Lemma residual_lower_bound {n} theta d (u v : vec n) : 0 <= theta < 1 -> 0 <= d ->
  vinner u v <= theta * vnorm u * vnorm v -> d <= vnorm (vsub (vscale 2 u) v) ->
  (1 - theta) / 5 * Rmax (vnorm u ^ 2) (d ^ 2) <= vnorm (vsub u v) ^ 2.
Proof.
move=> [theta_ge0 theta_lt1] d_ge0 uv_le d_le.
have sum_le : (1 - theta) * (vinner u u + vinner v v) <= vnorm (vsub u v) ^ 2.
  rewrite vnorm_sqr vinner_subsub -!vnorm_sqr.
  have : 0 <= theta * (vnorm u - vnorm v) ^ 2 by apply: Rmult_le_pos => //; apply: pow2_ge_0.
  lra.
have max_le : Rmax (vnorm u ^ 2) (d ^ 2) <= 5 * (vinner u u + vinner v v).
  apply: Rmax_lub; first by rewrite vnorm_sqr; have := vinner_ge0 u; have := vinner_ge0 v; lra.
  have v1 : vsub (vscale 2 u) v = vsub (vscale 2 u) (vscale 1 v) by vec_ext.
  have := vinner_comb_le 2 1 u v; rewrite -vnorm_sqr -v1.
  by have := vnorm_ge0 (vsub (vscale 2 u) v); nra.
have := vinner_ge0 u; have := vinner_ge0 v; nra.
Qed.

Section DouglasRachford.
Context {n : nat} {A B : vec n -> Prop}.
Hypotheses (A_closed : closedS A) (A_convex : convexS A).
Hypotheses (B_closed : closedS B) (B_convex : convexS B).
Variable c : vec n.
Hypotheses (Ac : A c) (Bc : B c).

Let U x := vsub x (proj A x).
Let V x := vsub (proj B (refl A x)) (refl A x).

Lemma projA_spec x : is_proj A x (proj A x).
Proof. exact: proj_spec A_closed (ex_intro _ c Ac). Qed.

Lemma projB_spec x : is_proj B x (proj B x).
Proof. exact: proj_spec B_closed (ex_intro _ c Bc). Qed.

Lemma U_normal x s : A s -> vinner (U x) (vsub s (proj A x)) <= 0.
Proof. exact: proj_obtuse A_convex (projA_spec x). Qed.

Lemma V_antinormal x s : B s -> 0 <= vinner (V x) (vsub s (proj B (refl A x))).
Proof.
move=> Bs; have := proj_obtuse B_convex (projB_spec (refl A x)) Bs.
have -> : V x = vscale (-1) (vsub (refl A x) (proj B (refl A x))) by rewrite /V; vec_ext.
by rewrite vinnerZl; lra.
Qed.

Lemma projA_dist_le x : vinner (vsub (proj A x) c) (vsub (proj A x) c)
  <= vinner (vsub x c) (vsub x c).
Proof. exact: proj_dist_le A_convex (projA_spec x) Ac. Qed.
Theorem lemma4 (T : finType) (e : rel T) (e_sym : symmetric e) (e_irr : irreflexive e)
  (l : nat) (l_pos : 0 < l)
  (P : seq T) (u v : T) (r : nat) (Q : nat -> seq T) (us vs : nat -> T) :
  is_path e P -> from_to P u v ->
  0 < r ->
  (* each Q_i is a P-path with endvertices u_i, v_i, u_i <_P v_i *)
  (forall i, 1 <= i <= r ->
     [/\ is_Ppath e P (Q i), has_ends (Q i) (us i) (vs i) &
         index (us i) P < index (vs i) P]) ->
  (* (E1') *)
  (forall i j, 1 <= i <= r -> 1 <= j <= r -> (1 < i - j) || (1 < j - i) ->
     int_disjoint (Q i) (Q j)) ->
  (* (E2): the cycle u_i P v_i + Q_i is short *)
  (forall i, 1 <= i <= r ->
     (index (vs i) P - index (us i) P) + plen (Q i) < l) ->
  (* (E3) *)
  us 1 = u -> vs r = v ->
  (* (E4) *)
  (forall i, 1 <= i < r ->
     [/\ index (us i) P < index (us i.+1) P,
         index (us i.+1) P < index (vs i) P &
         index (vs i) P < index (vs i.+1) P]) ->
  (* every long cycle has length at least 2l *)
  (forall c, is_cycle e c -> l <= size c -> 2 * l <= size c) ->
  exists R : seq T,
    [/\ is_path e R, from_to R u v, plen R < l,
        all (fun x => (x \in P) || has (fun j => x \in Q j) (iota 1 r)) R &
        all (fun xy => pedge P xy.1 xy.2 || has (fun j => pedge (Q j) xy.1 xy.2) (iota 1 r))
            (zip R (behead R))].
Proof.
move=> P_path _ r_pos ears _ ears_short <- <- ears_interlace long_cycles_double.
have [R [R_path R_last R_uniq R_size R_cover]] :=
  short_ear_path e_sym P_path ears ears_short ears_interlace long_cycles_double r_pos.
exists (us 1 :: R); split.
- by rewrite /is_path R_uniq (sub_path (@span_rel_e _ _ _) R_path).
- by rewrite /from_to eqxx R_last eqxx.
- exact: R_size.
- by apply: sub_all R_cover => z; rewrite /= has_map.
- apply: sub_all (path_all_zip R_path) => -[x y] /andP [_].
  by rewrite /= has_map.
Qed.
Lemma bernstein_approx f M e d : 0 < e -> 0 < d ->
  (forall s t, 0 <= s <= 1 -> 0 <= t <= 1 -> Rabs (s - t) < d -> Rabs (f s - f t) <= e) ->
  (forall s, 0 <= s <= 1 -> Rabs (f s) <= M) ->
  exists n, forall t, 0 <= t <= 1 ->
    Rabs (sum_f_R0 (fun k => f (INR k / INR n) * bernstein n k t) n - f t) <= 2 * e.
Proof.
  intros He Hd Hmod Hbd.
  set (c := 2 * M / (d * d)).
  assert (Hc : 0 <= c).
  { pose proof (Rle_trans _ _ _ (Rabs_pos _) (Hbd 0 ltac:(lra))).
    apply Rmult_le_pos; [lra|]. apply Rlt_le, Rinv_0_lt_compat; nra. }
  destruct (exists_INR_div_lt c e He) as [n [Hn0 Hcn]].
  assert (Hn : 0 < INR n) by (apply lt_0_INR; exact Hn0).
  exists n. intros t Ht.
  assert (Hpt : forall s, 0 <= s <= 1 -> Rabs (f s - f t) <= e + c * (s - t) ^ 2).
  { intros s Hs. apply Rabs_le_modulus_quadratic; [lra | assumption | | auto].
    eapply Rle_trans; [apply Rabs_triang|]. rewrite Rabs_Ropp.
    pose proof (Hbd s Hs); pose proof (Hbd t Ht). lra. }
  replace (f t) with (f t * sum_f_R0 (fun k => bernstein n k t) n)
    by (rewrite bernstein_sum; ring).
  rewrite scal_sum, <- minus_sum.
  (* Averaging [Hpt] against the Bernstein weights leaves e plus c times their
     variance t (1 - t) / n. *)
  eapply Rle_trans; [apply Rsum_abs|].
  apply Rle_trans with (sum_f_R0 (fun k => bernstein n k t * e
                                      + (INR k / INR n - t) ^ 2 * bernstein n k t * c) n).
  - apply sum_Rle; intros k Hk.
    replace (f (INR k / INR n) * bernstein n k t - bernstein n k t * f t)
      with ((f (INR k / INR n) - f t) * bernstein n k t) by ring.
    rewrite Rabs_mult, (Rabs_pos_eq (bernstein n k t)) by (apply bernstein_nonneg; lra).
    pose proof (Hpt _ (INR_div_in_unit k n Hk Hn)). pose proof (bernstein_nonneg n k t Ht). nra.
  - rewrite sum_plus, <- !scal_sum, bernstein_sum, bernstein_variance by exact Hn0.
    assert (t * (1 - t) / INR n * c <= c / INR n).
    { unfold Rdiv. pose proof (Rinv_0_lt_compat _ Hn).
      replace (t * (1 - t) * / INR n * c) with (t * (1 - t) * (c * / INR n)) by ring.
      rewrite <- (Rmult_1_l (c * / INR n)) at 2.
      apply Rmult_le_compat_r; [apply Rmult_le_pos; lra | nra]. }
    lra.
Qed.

## WORK TASK
A single figure answers this: how many lines of the material hold "iota".

## EXERCISE RESPONSE
2